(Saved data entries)

▼▼▼

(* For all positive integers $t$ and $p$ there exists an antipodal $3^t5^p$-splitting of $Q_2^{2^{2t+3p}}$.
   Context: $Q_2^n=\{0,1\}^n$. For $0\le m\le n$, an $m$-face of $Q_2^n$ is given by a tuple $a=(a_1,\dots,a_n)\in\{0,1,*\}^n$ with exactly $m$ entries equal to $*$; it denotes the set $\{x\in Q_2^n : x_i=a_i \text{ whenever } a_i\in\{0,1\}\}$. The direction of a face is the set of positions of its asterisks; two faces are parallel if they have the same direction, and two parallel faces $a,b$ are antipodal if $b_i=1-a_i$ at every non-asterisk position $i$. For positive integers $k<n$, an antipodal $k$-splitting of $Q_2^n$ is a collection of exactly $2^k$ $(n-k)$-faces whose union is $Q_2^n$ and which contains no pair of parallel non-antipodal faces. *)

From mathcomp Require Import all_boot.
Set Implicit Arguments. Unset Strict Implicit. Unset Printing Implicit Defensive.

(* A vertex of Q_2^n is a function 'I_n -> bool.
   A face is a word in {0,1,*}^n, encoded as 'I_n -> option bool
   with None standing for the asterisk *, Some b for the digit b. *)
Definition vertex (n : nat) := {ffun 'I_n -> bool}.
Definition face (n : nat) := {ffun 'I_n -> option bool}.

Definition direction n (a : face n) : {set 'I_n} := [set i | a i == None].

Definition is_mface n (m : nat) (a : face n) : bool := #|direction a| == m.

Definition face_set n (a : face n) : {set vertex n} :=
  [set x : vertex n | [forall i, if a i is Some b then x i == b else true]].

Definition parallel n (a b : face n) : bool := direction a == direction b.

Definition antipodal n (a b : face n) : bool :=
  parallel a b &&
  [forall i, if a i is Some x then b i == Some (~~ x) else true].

▲▲▲
▼▼▼

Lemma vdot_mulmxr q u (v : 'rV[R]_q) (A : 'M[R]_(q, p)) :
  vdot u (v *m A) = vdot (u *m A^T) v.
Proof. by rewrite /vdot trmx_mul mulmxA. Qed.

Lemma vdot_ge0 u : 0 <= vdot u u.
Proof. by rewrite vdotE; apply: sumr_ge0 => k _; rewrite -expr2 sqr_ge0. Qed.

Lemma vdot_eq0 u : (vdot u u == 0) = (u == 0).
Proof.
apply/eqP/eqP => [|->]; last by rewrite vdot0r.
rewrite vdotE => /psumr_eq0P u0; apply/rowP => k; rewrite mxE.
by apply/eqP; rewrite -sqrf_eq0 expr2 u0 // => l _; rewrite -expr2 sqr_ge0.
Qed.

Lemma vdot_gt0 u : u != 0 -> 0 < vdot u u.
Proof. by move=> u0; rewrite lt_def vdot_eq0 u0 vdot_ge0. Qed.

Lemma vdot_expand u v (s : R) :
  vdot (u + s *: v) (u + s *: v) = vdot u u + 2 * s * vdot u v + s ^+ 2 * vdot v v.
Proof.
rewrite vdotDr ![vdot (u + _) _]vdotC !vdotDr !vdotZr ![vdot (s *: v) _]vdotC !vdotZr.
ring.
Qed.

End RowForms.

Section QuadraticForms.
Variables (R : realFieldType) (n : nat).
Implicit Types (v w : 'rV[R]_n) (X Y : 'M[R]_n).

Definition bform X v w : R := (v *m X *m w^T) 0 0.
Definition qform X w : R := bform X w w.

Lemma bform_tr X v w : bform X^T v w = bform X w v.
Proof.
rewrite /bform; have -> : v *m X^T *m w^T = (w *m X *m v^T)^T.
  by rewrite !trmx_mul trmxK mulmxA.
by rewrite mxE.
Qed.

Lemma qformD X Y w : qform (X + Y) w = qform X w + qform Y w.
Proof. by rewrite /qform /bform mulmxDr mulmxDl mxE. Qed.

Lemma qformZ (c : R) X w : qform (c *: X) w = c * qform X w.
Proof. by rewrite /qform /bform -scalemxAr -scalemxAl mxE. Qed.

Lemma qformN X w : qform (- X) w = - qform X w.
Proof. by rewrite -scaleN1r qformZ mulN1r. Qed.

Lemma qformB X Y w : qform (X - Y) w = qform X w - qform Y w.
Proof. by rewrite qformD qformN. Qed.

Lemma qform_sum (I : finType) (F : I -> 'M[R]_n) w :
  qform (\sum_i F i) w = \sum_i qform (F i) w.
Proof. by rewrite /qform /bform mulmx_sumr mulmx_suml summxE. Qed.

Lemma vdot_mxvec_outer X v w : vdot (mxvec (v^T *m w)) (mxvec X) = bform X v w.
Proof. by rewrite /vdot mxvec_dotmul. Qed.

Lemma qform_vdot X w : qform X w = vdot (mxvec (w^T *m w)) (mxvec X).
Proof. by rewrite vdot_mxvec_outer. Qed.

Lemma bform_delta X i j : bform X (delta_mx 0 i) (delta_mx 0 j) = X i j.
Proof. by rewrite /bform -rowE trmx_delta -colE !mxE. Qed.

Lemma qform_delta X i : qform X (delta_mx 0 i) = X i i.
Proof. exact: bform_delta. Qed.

▲▲▲

Your assignment –
Only a number is wanted. Count the lines of the data that contain "Implicit".

Exercise solution –
2